Originally Posted by Reckoner
Use the formula for arc length: the arc length $s$ of a continuous function $f$ over an interval $[a,\;b]$ is given by

$s = \int_a^b\sqrt{1+\left(f'(x)\right)^2}\,dx$

A circle with radius $r$ can be represented with the equation $x^2 + y^2 = r^2$.

So, you can calculate the circumference of a circle by finding the arc length of the curve $y = \sqrt{r^2 - x^2}$ from $[-r,\;r]$ (this will give you the top half of it), and then multiplying by 2 to get the whole perimeter.

In order to evaluate the integral, be sure you know your inverse trig rules.
Let´s see now.

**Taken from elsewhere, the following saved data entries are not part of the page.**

Lemma minor_delta a b u v :
  minor (delta a) (delta b) u v = ((a == u) && (b == v))%:R - ((a == v) && (b == u))%:R.
Proof. by rewrite /minor /delta -!natrM !mulnb. Qed.

Lemma fbr_V_far r : fbr (delta (V (val r).1)) (delta (V (val r).2)) =1 delta (W r).
Proof.
case: r => [[i j] rP].
have := rP; rewrite /far_pair /adjacent /= => /andP[lt_ij /norP[/negbTE ji /negbTE ij]].
case=> [[[|[|[|[|[|[|[|?]]]]]]] ?]|[?|[[k l] qP]]] //=;
  rewrite ?cyc_form_deltaVl ?minor_delta /delta //= ?eq_V ?ij; try ring.
  have pj : (j == ord_pred i) = false by apply: contraFF ij => /eqP ->; rewrite ord_predK.
  by rewrite ji pj; ring.
have /andP[/= lt_kl _] := qP; rewrite (_ : (i == l) && (j == k) = false) ?subr0.
  by congr (_%:R); apply/andP/eqP => [[/eqP -> /eqP ->] | [-> ->]] //; congr (W _); apply: val_inj.
by apply/negbTE/andP => -[/eqP il /eqP jk]; move: lt_ij lt_kl; rewrite il jk; lia.
Qed.

Lemma fbr_V_X1 i : fbr (delta (V i)) (delta X1) =1 (fun=> 0).
Proof. structure_constants. Qed.

Lemma fbr_V_X2 i : fbr (delta (V i)) (delta X2) =1 (fun=> 0).
Proof. structure_constants. Qed.

Lemma fbr_deltaVl_X7 i g : fbr (delta (V i)) g X7 = g (V (ordS i)) - g (V (ord_pred i)).
Proof. by rewrite /= cyc_form_deltaVl /minor /delta /=; ring. Qed.

Lemma fbr_deltaVr_X7 i f : fbr f (delta (V i)) X7 = f (V (ord_pred i)) - f (V (ordS i)).
Proof. by rewrite fbrC fbr_deltaVl_X7 opprB. Qed.

Section LongCycle.
Hypothesis d_gt4 : (4 < d)%N.

Lemma fbr_V_ordS i : fbr (delta (V i)) (delta (V (ordS i))) =1 delta X7.
Proof.
case=> [[[|[|[|[|[|[|[|?]]]]]]] ?]|[?|[[k l] qP]]] //=;
  rewrite ?cyc_form_deltaVl ?minor_delta /delta //= ?eq_V; try ring.
  by rewrite eqxx eq_sym (negbTE (ord_pred_neq_ordS d_gt4 i)) /=; ring.
have := qP; rewrite /far_pair /adjacent /= => /andP[_ /norP[lk kl]].
have ikl : (i == k) && (ordS i == l) = false.
  by apply/negbTE/andP => -[/eqP ik /eqP il]; rewrite -ik -il eqxx in lk.
have ilk : (i == l) && (ordS i == k) = false.
  by apply/negbTE/andP => -[/eqP il /eqP ik]; rewrite -ik -il eqxx in kl.
by rewrite ikl ilk subrr.
Qed.
Lemma coupling_marginal_l {T} (p q : T -> R) w Lw :
  coupling p q w -> enumerates (fun u => w u <> 0) Lw ->
  (forall x, p x <> 0 -> In x (cnodup (map fst Lw))) /\
  forall h, lsum (fun u => w u * h (fst u)) Lw = lsum (fun x => p x * h x) (cnodup (map fst Lw)).
Proof.
  intros [Hnn [_ [H1 _]]] [ND HL].
  assert (K : forall x, p x = lsum w (cfilter (fun u => fst u = x) Lw)).
  { intros x. rewrite <- H1, <- (fsum_injective_image (fun y => (x, y)) w).
    - apply fsum_enum. split; [apply NoDup_cfilter; auto|].
      intros u. rewrite in_cfilter, <- HL. split.
      + intros [y [-> Hy]]; auto.
      + intros [Hu E]. destruct u as [x' y]; simpl in E; subst. exists y; auto.
    - intros y1 y2 E; injection E; auto.
    - exists (map snd Lw). intros y Hy. apply HL in Hy. exact (in_map snd _ _ Hy). }
  split.
  - intros x Hx. rewrite K in Hx.
    destruct (cfilter (fun u => fst u = x) Lw) as [|u l] eqn:E; [destruct Hx; reflexivity|].
    assert (Hu : In u (cfilter (fun u => fst u = x) Lw)) by (rewrite E; left; auto).
    apply in_cfilter in Hu as [Hu <-]. apply cnodup_In, in_map, Hu.
  - intros h. rewrite <- (lsum_fibres fst _ Lw (NoDup_cnodup (map fst Lw))).
    + apply lsum_ext. intros x _. rewrite K, Rmult_comm, <- lsum_mul_l. apply lsum_ext.
      intros u Hu. apply in_cfilter in Hu as [_ <-]. lra.
    + intros c Hc. apply cnodup_In, in_map, Hc.
Qed.

Lemma coupling_marginal_r {T} (p q : T -> R) w Lw :
  coupling p q w -> enumerates (fun u => w u <> 0) Lw ->
  (forall y, q y <> 0 -> In y (cnodup (map snd Lw))) /\
  forall h, lsum (fun u => w u * h (snd u)) Lw = lsum (fun y => q y * h y) (cnodup (map snd Lw)).
Proof.
  intros C [ND HL]. set (sw := fun u : T * T => (snd u, fst u)).
  assert (Hsw : forall u, sw (sw u) = u) by (intros [a b]; reflexivity).
  assert (E : map fst (map sw Lw) = map snd Lw) by (rewrite map_map; reflexivity).
  destruct (coupling_marginal_l (coupling_swap C) (Lw := map sw Lw)) as [A B].
  - split.
    + apply FinFun.Injective_map_NoDup; auto. intros u v Euv.
      rewrite <- (Hsw u), <- (Hsw v), Euv. reflexivity.
    + intros u. rewrite in_map_iff. split.
      * intros H. exists (sw u). split; [apply Hsw | apply HL, H].
      * intros [v [<- Hv]]. apply HL in Hv. change (w (sw (sw v)) <> 0). rewrite Hsw. exact Hv.
  - rewrite E in A, B. split; auto. intros h. rewrite <- B, lsum_map.
    apply lsum_ext. intros [a b] _. reflexivity.
Qed.

Section Distance.
Variables (Act S : Type) (trans : S -> option Act -> (S -> R) -> Prop).
Hypothesis fin : forall s, finite_proc trans s.

Lemma d_w_bounds (x y : trace Act) : 0 <= d_w x y <= 1.
Proof. unfold d_w. destruct (excluded_middle_informative _); lra. Qed.

Definition coupling_cost (w : trace Act * trace Act -> R) (Lw : list (trace Act * trace Act)) : R :=
  lsum (fun u => w u * d_w (fst u) (snd u)) Lw.

Lemma coupling_cost_bounds s t (Z1 : resolution trans s) (Z2 : resolution trans t) w Lw :
  coupling (TD Z1) (TD Z2) w -> enumerates (fun u => w u <> 0) Lw ->
  0 <= coupling_cost w Lw <= 1.
Proof.
  intros C HL. destruct (coupling_marginal_l C HL) as [A1 B1].
  destruct C as [Hnn _]. split.
  - apply lsum_nonneg. intros u _. apply Rmult_le_pos; [auto | apply d_w_bounds].
  - rewrite <- (ETD_one fin Z1), <- (lsum_TD fin Z1 _ (NoDup_cnodup _) A1), <- B1.
    apply lsum_le. intros u _. apply Rmult_le_compat_l; [auto | apply d_w_bounds].
Qed.

Lemma kantorovich_cost s t (Z1 : resolution trans s) (Z2 : resolution trans t) r :
  (exists w, coupling (TD Z1) (TD Z2) w /\
     r = fsum (fun u => w u <> 0) (fun u => w u * d_w (fst u) (snd u))) ->
  exists w Lw, coupling (TD Z1) (TD Z2) w /\ enumerates (fun u => w u <> 0) Lw /\
     r = coupling_cost w Lw.
Proof.
  intros [w [C ->]]. destruct (coupling_support C) as [Lw HL].
  exists w, Lw. split; [exact C|]. split; [exact HL|]. apply fsum_enum, HL.
Qed.

Lemma D_w_bounds s t (Z1 : resolution trans s) (Z2 : resolution trans t) : 0 <= D_w Z1 Z2 <= 1.
Proof.
  split; [apply Rinf1_ge0 | apply Rinf1_le1]; intros r Hr;
    destruct (kantorovich_cost Hr) as [w [Lw [C [HL ->]]]];
    apply (coupling_cost_bounds C HL).
Qed.

(* A pair of [tr_equiv] traces costs nothing and does not change [g]; any other pair costs 1
   and changes [g] by at most 1. *)
Lemma ETD_diff_le_cost s t (Z1 : resolution trans s) (Z2 : resolution trans t) w Lw g :
  coupling (TD Z1) (TD Z2) w -> enumerates (fun u => w u <> 0) Lw ->
  (forall x, 0 <= g x <= 1) -> (forall x y, erase x = erase y -> g x = g y) ->
  Rabs (ETD Z1 g - ETD Z2 g) <= coupling_cost w Lw.
Proof.
  intros C HL Hg Hge.
  destruct (coupling_marginal_l C HL) as [A1 B1].
  destruct (coupling_marginal_r C HL) as [A2 B2].
  rewrite <- (lsum_TD fin Z1 g (NoDup_cnodup _) A1), <- B1.
  rewrite <- (lsum_TD fin Z2 g (NoDup_cnodup _) A2), <- B2.
  rewrite <- lsum_sub. eapply Rle_trans; [apply Rabs_lsum_le|]. apply lsum_le. intros u _.
  destruct C as [Hnn _]. specialize (Hnn u).
  rewrite <- Rmult_minus_distr_l, Rabs_mult, Rabs_pos_eq by auto.
  apply Rmult_le_compat_l; auto. unfold d_w. destruct (excluded_middle_informative _) as [E|].
  - rewrite (Hge _ _ E), Rminus_diag, Rabs_R0. lra.
  - apply Rabs_le. generalize (Hg (fst u)) (Hg (snd u)). lra.
Qed.

Lemma PrW_diff_lt s t (Z1 : resolution trans s) (Z2 : resolution trans t) eps :
  D_w Z1 Z2 < eps -> eps <= 1 -> forall al, Rabs (PrW Z1 al - PrW Z2 al) < eps.
Proof.
  intros H He al. destruct (Rinf1_lt _ H He) as [r [Hr Hlt]].
  destruct (kantorovich_cost Hr) as [w [Lw [C [HL ->]]]].
  rewrite !(PrW_ETD fin). eapply Rle_lt_trans; [|exact Hlt].
  apply (ETD_diff_le_cost _ C HL).
  - intros; apply indic_bounds.
  - intros x y E. rewrite E. reflexivity.
Qed.

(* Independent coupling within each class of traces with the same visible part, whose mass is
   [Pvis Z1 (erase x)]; on a class of mass 0 the division by 0 yields 0. *)
Definition class_coupling s t (Z1 : resolution trans s) (Z2 : resolution trans t)
    (u : trace Act * trace Act) : R :=
  if dec (erase (fst u) = erase (snd u))
  then TD Z1 (fst u) * TD Z2 (snd u) / Pvis Z1 (erase (fst u)) else 0.

Lemma class_coupling_nonzero s t (Z1 : resolution trans s) (Z2 : resolution trans t) u :
  class_coupling Z1 Z2 u <> 0 -> TD Z1 (fst u) <> 0 /\ TD Z2 (snd u) <> 0.
Proof.
  unfold class_coupling. destruct (dec _); [|lra].
  intros H. split; intros E; apply H; rewrite E; lra.
Qed.

Lemma class_coupling_sym s t (Z1 : resolution trans s) (Z2 : resolution trans t) :
  (forall gm, Pvis Z1 gm = Pvis Z2 gm) ->
  forall x y, class_coupling Z1 Z2 (x, y) = class_coupling Z2 Z1 (y, x).
Proof.
  intros HP x y. unfold class_coupling; simpl.
  destruct (dec (erase x = erase y)) as [E|N], (dec (erase y = erase x)); try congruence.
  rewrite HP, E. lra.
Qed.

Lemma class_coupling_marginal s t (Z1 : resolution trans s) (Z2 : resolution trans t) :
  (forall gm, Pvis Z1 gm = Pvis Z2 gm) -> forall x,
  fsum (fun y => class_coupling Z1 Z2 (x, y) <> 0) (fun y => class_coupling Z1 Z2 (x, y))
  = TD Z1 x.
Proof.
  intros HP x. destruct (TD_support fin Z2) as [X2 [ND2 HX2]].
  rewrite (fsum_enum _ (l := cfilter (fun y => class_coupling Z1 Z2 (x, y) <> 0) X2)).
  2:{ split; [apply NoDup_cfilter; auto|]. intros y. rewrite in_cfilter. split; [|tauto].
      intros Hy. split; auto. apply HX2, (class_coupling_nonzero _ _ _ Hy). }
  rewrite lsum_cfilter_drop by (intros y _; apply NNPP).
  rewrite (lsum_ext _ (fun y =>
    TD Z1 x / Pvis Z1 (erase x) * (TD Z2 y * indic (erase y = erase x)))).
  - rewrite lsum_mul_l, (lsum_TD fin Z2 _ ND2 HX2).
    change (ETD Z2 _) with (Pvis Z2 (erase x)). rewrite <- HP.
    pose proof (TD_le_Pvis fin Z1 x). pose proof (TD_nonneg Z1 x).
    destruct (Req_dec (Pvis Z1 (erase x)) 0) as [E|E].
    + rewrite E in *. lra.
    + field. exact E.
  - intros y _. unfold class_coupling, indic; simpl.
    destruct (dec (erase x = erase y)), (dec (erase y = erase x)); try congruence; lra.
Qed.

Lemma class_coupling_coupling s t (Z1 : resolution trans s) (Z2 : resolution trans t) :
  (forall gm, Pvis Z1 gm = Pvis Z2 gm) -> coupling (TD Z1) (TD Z2) (class_coupling Z1 Z2).
Proof.
  intros HP. destruct (TD_support fin Z1) as [X1 [ND1 HX1]].
  destruct (TD_support fin Z2) as [X2 [ND2 HX2]].
  split; [|split; [|split]].
  - intros u. unfold class_coupling. destruct (dec _); [|lra].
    pose proof (TD_nonneg Z1 (fst u)). pose proof (TD_nonneg Z2 (snd u)).
    pose proof (Pvis_nonneg Z1 (erase (fst u))).
    unfold Rdiv. apply Rmult_le_pos; [apply Rmult_le_pos; auto|].
    destruct (Req_dec (Pvis Z1 (erase (fst u))) 0) as [->|E].
    + rewrite Rinv_0. lra.
    + apply Rlt_le, Rinv_0_lt_compat. lra.
  - exists (list_prod X1 X2). intros [x y] Hu.
    destruct (class_coupling_nonzero _ _ _ Hu). apply in_prod; auto.
  - apply (class_coupling_marginal _ _ HP).
  - intros y. rewrite (fsum_ext _ (fun x => class_coupling Z2 Z1 (y, x) <> 0) _
                        (fun x => class_coupling Z2 Z1 (y, x))).
    + apply class_coupling_marginal. intros; symmetry; auto.
    + intros x. rewrite class_coupling_sym; tauto.
    + intros x _. apply class_coupling_sym, HP.
Qed.

Lemma D_w_eq0 s t (Z1 : resolution trans s) (Z2 : resolution trans t) :
  (forall al, PrW Z1 al = PrW Z2 al) -> D_w Z1 Z2 = 0.
Proof.
  intros H. pose proof (PrW_eq_Pvis_eq fin Z1 Z2 H) as HP. apply Rinf1_eq0.
  - exists (class_coupling Z1 Z2). split; [apply class_coupling_coupling, HP|].
    symmetry. apply fsum_eq0. intros u _. unfold class_coupling, d_w.
    destruct (dec _) as [E|]; [|lra].
    destruct (excluded_middle_informative _) as [|N]; [lra | destruct N; exact E].
  - intros r Hr. destruct (kantorovich_cost Hr) as [w [Lw [C [HL ->]]]].
    apply (coupling_cost_bounds C HL).
Qed.

Definition D_w_inf s (Z1 : resolution trans s) t : R :=
  Rinf1 (fun r => exists Z2 : resolution trans t, r = D_w Z1 Z2).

From the equation of a circle I get $y=\sqrt{25-x^2}$ after which i try to get the derivative of f(x) which is:
$(25-x^2)^\frac{1}{2} = \frac{1}{2}(25-x^2)^{-\frac{1}{2}} (-2x) = \frac{-x}{\sqrt{25-x^2}}$

now I´ll adjust the expression after which I´ll put it in the formula for the perimeter length. Here goes:

I´ll square (is this the correct word for it?) the expression like this:
$\frac{(-x)^2}{25-x^2}$ and then in the formula:

$\int_{-5}^{+5} \sqrt{1+\frac{x^2}{25-x^2}} = \int_{-5}^{+5} \sqrt{\frac{25-x^2}{25-x^2}+\frac{x^2}{25-x^2}}$

which is ...

$\int_{-5}^{+5} \sqrt{\frac{25}{25-x^2}} = \int_{-5}^{+5} \sqrt{\frac{25}{25(1-\frac{x^2}{25})}} =$

$\int_{-5}^{+5} \sqrt{\frac{1}{1-(\frac{x}{5})^2}}$ and after a root rule $\int_{-5}^{+5} \frac{1}{\sqrt{1-(\frac{x}{5})^2}}$

And this is the hardest part to me. We get:

$arcsin\frac{x}{5}\bigg]_{-5}^{+5}$ and after putting in the interval values we get $(arcsin1-arcsin{-1}$ which equals $\pi$

and since we got half the circle we will multiply it with 2 but we still need a 5 to multiply with. Because when I use the easy formula for calculating the perimeter of a circle with radius 5 I get 31,41...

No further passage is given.